Pancreaticobiliary endoscopic ultrasound (PB-EUS) has an established role in the assessment, staging, and sampling (via EUS-guided fine-needle aspiration [FNA] or biopsy [FNB]) of pancreaticobiliary disease, and increasingly, EUS-guided interventions such as the drainage of pancreatic fluid collections [1] [2]. Over the last 10 years, EUS-FNA/FNB has become the standard modality for sampling solid and cystic pancreatic lesions. There is extensive literature on its diagnostic performance in solid and cystic disease of the pancreas [3] [4] [5] [6] [7]. The morbidity and mortality from EUS-FNA/FNB in solid pancreatic lesions is reported to be 2.4 % and 0.02 %, respectively [8] and in cystic pancreatic lesions 2.7 % and 0.2 %, respectively [9].

However, there are no large, long-term prospective studies of outcomes following PB-EUS and the impact of procedural and non-procedural factors. In the absence of such prospective data, population-level observational studies offer the potential to understand PB-EUS practice and the risk of adverse events associated with EUS and EUS-FNA. There have been few such studies to date. A recent US study utilizing the Surveillance, Epidemiology, and End Results (SEER) database addressed concerns about peritoneal seeding following EUS-FNA for pancreatic cancer and reported no adverse effect of prior EUS-FNA on pancreatic cancer survival [10]. EUS assessment has been reported to be an independent predictor of improved survival in locoregional pancreatic cancer through the improved stage-appropriate management consequent on EUS [10] [11].

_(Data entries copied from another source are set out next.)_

End star_int_density.
End star_integral.

Section copula_star.
Context {R : realType}.
Implicit Types (A B C : R -> R -> R) (x y z : R).

Lemma is_copula2_flip C : is_copula2 C -> is_copula2 (flip C).
Proof.
move=> [margin incr]; split=> [u /margin[? [? [? ?]]] //|u1 u2 v1 v2 hu1 hu2 hv1 hv2 u12 v12].
by have := incr v1 v2 u1 u2 hv1 hv2 hu1 hu2 v12 u12; rewrite /flip; lra.
Qed.

Lemma is_copula2_section C x : is_copula2 C -> in01 x ->
  C x 0 = 0 /\ nondecr_1lip01 (C x).
Proof.
move=> [margin incr] x01; have [Cx0 _] := margin x x01.
split=> // s t s0 st t1.
have s01 : in01 s by rewrite /in01 s0 (le_trans st t1).
have t01 : in01 t by rewrite /in01 (le_trans s0 st) t1.
have i0 : in01 (0 : R) by rewrite /in01 lexx ler01.
have i1 : in01 (1 : R) by rewrite /in01 ler01 lexx.
have /andP[x0 x1] := x01.
have := incr 0 x s t i0 x01 s01 t01 x0 st.
have := incr x 1 s t x01 i1 s01 t01 x1 st.
have [_ [C0s [_ C1s]]] := margin s s01; have [_ [C0t [_ C1t]]] := margin t t01.
by rewrite C0s C0t C1s C1t; split; lra.
Qed.

Lemma sstarE Phi A B x y z :
  sstar Phi A B x y z = star_int Phi (A x) (flip B z) y.
Proof. by []. Qed.

Lemma astarE Phi A B x z :
  astar Phi A B x z = star_int Phi (A x) (flip B z) 1.
Proof. by []. Qed.

Lemma sstar_W2_ge0 A B x y z : 0 <= sstar (@W2 R) A B x y z.
Proof. exact: star_int_W2_ge0. Qed.

Section two_copulas.
Variables (A B : R -> R -> R) (x y z : R).
Hypotheses (cA : is_copula2 A) (cB : is_copula2 B).
Hypotheses (x01 : in01 x) (y01 : in01 y) (z01 : in01 z).

Let A_sec : A x 0 = 0 /\ nondecr_1lip01 (A x).
Proof. exact: is_copula2_section. Qed.

Let B_sec : flip B z 0 = 0 /\ nondecr_1lip01 (flip B z).
Proof. by apply: is_copula2_section => //; exact: is_copula2_flip. Qed.

Lemma sstar_M2_le_l : sstar (@M2 R) A B x y z <= A x y.
Proof.
have [[A0 /nondecr_1lip01_density[g1 d1]] [_ /nondecr_1lip01_density[g2 d2]]] := (A_sec, B_sec).
by have := star_int_M2_le_l d1 d2 y01; rewrite A0 subr0.
Qed.

Lemma sstar_M2_le_r : sstar (@M2 R) A B x y z <= B y z.
Proof.
have [[_ /nondecr_1lip01_density[g1 d1]] [B0 /nondecr_1lip01_density[g2 d2]]] := (A_sec, B_sec).
by have := star_int_M2_le_r d1 d2 y01; rewrite B0 subr0.
Qed.

Lemma sstar_W2_ge : A x y + B y z - y <= sstar (@W2 R) A B x y z.
Proof.
have [[A0 /nondecr_1lip01_density[g1 d1]] [B0 /nondecr_1lip01_density[g2 d2]]] := (A_sec, B_sec).
have := star_int_W2_ge d1 d2 y01.
by rewrite sstarE A0 B0 !subr0.
Qed.

Lemma astar_sub_sstar_W2_ge :
  x - A x y + (z - B y z) - (1 - y) <= astar (@W2 R) A B x z - sstar (@W2 R) A B x y z.
Proof.
have [[_ /nondecr_1lip01_density[g1 d1]] [_ /nondecr_1lip01_density[g2 d2]]] := (A_sec, B_sec).
have := star_int_W2_increment_ge d1 d2 y01.
have [_ [_ [Ax1 _]]] := cA.1 x x01; have [_ [_ [_ B1z]]] := cB.1 z z01.
by rewrite astarE sstarE /flip Ax1 B1z.
Qed.

End two_copulas.

Lemma sstar_W2_le_lowterm Cij Cjk Cik ui uj uk :
  sstar (@W2 R) Cij Cjk ui uj uk <= lowterm Cij Cjk Cik ui uj uk.
Proof. by rewrite /lowterm le_max; apply/orP; left. Qed.

Lemma upterm_le_sstar_M2 Cij Cjk Cik ui uj uk :
  upterm Cij Cjk Cik ui uj uk <= sstar (@M2 R) Cij Cjk ui uj uk.
Proof. by rewrite /upterm ge_min; apply/orP; left. Qed.

Lemma upterm_le_sstar_W2 Cij Cjk Cik ui uj uk :
  upterm Cij Cjk Cik ui uj uk <=
  sstar (@W2 R) Cij Cjk ui uj uk + Cik ui uk - astar (@W2 R) Cij Cjk ui uk.
Proof. by rewrite /upterm ge_min; apply/orP; right. Qed.

Lemma CL_ge_sstar_W2 C12 C13 C23 u1 u2 u3 :
  [/\ sstar (@W2 R) C12 C23 u1 u2 u3 <= CL C12 C13 C23 u1 u2 u3,
      sstar (@W2 R) C13 (flip C23) u1 u3 u2 <= CL C12 C13 C23 u1 u2 u3 &
      sstar (@W2 R) (flip C12) C13 u2 u1 u3 <= CL C12 C13 C23 u1 u2 u3].
Proof.
split; [apply: le_trans (sstar_W2_le_lowterm _ _ C13 _ _ _) _|
        apply: le_trans (sstar_W2_le_lowterm _ _ C12 _ _ _) _|
        apply: le_trans (sstar_W2_le_lowterm _ _ C23 _ _ _) _];
  rewrite /CL le_max; apply/orP; [by left|right..]; rewrite le_max; apply/orP.
- by left.
- by right.
Qed.

Lemma CU_le_sstar C12 C13 C23 u1 u2 u3 :
  [/\ CU C12 C13 C23 u1 u2 u3 <= sstar (@M2 R) C12 C23 u1 u2 u3,
      CU C12 C13 C23 u1 u2 u3 <= sstar (@M2 R) C13 (flip C23) u1 u3 u2 &
      CU C12 C13 C23 u1 u2 u3 <=
      sstar (@W2 R) C12 C23 u1 u2 u3 + C13 u1 u3 - astar (@W2 R) C12 C23 u1 u3].
Proof.
split; [apply: le_trans _ (upterm_le_sstar_M2 _ _ C13 _ _ _)|
        apply: le_trans _ (upterm_le_sstar_M2 _ _ C12 _ _ _)|
        apply: le_trans _ (upterm_le_sstar_W2 _ _ _ _ _ _)];
  rewrite /CU ge_min; apply/orP; [by left|right|by left].
by rewrite ge_min; apply/orP; left.
Qed.

End copula_star.

Theorem proposition5p1 (R : realType) (C12 C13 C23 : R -> R -> R) :
  is_copula2 C12 -> is_copula2 C13 -> is_copula2 C23 ->
  compatible C12 C13 C23 ->
  forall u1 u2 u3 : R, in01 u1 -> in01 u2 -> in01 u3 ->
    FL C12 C13 C23 u1 u2 u3 <= CL C12 C13 C23 u1 u2 u3 /\
    CU C12 C13 C23 u1 u2 u3 <= FU C12 C13 C23 u1 u2 u3.
Proof.
move=> c12 c13 c23 _ u1 u2 u3 h1 h2 h3.
have U : sstar (@W2 R) C12 C23 u1 u2 u3 + C13 u1 u3 - astar (@W2 R) C12 C23 u1 u3 <=
    1 - u1 - u2 - u3 + C12 u1 u2 + C13 u1 u3 + C23 u2 u3.
  have := astar_sub_sstar_W2_ge c12 c23 h1 h2 h3.
  (* generalized so that lra treats the integrals as atoms instead of unfolding them *)
  by move: (sstar _ _ _ _ _ _) (astar _ _ _ _ _) => S A; lra.
have c21 := is_copula2_flip c12; have c32 := is_copula2_flip c23.
have [CL123 CL132 CL213] := CL_ge_sstar_W2 C12 C13 C23 u1 u2 u3.
have [CU123 CU132 CUW] := CU_le_sstar C12 C13 C23 u1 u2 u3.
split.
- rewrite /FL !ge_max; apply/and4P; split.
  + exact: le_trans (sstar_W2_ge0 _ _ _ _ _) CL123.
  + apply: le_trans CL213; exact: (sstar_W2_ge c21 c13 h2 h1 h3).
  + exact: le_trans (sstar_W2_ge c12 c23 h1 h2 h3) CL123.
  + apply: le_trans CL132; exact: (sstar_W2_ge c13 c32 h1 h3 h2).
- rewrite /FU !le_min; apply/and4P; split.
  + exact: le_trans CU123 (sstar_M2_le_l c12 c23 h1 h2 h3).
  + exact: le_trans CU132 (sstar_M2_le_l c13 c32 h1 h3 h2).
  + exact: le_trans CU123 (sstar_M2_le_r c12 c23 h1 h2 h3).
  + exact: le_trans CUW U.
Qed.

We have examined national changes in the use of EUS and EUS-FNA, to try and identify the factors contributing to adverse events (AEs) and 30-day mortality after EUS. We have separately studied subjects with pancreatic cancer who underwent PB-EUS to understand the factors associated with surgical resection, chemotherapy, and not receiving any active treatment.

Patients and methods

Data source

Administrative data on all care episodes taking place in National Health Service (NHS) hospitals in England are recorded in the Hospital Episode Statistics (HES) database. Unique identifiers track subjects through inpatient and outpatient attendances. Every recorded episode contains clinical information about diagnoses and procedures, demographic, administrative, and geographical information. Diagnostic data are coded using the International Classification of Diseases version 10 (ICD-10) and procedures coded using the Office of Population Censuses and Surveys Classification of Interventions and Procedures 4^th revision (OPCS-4). HES is linked to the Office of National Statistics mortality data, providing information on the date and cause of death [12].

Inclusion criteria

All adults over age 18 years undergoing PB-EUS, both as inpatients and outpatients, in England over 10 years (2007–2016) were included in the study. Subjects diagnosed with pancreatic cancer by any means within the 6 months following PB-EUS were included in the PB-EUS pancreatic cancer cohort. Diagnostic data were obtained from ICD-10 coding and procedure data were obtained from OPCS-4 coding (Appendix 1).

Exclusion criteria

Subjects were excluded if they were under age 18 years, resided outside England, or had incomplete demographic data. EUS procedures for non-PB indications were also excluded from the study.

Data validation

To assess the validity of coding for PB-EUS, a list of subjects coded for all EUS, specifically PB-EUS and FNA procedures, was provided by the local coding departments at Sandwell and West Birmingham NHS Trust, Newcastle upon Tyne Hospitals NHS Foundations Trust and University Hospitals Birmingham NHS Foundation Trust. These data were used to match the number of PB-EUS procedures extracted from the HES database for each individual site. A sample of patient records from all three sites were analyzed by the research team to establish the accuracy of procedural coding only, but not any other clinical details, to establish if the procedure coding was consistent with the clinical records.

Demographic data

Demographic data including age, sex, ethnicity, and deprivation were extracted from hospital admission coding. Age was considered a continuous variable. Ethnicity was classified into White, South Asian, Black, mixed ethnicity, and other minority ethnicities. Deprivation was calculated using an aggregate score for English Lower Layer Super Output Areas, based on employment status, income, crime levels, and living environment [13]. Deprivation was categorized by quintiles, with 1 being the most deprived and 5 being the least deprived.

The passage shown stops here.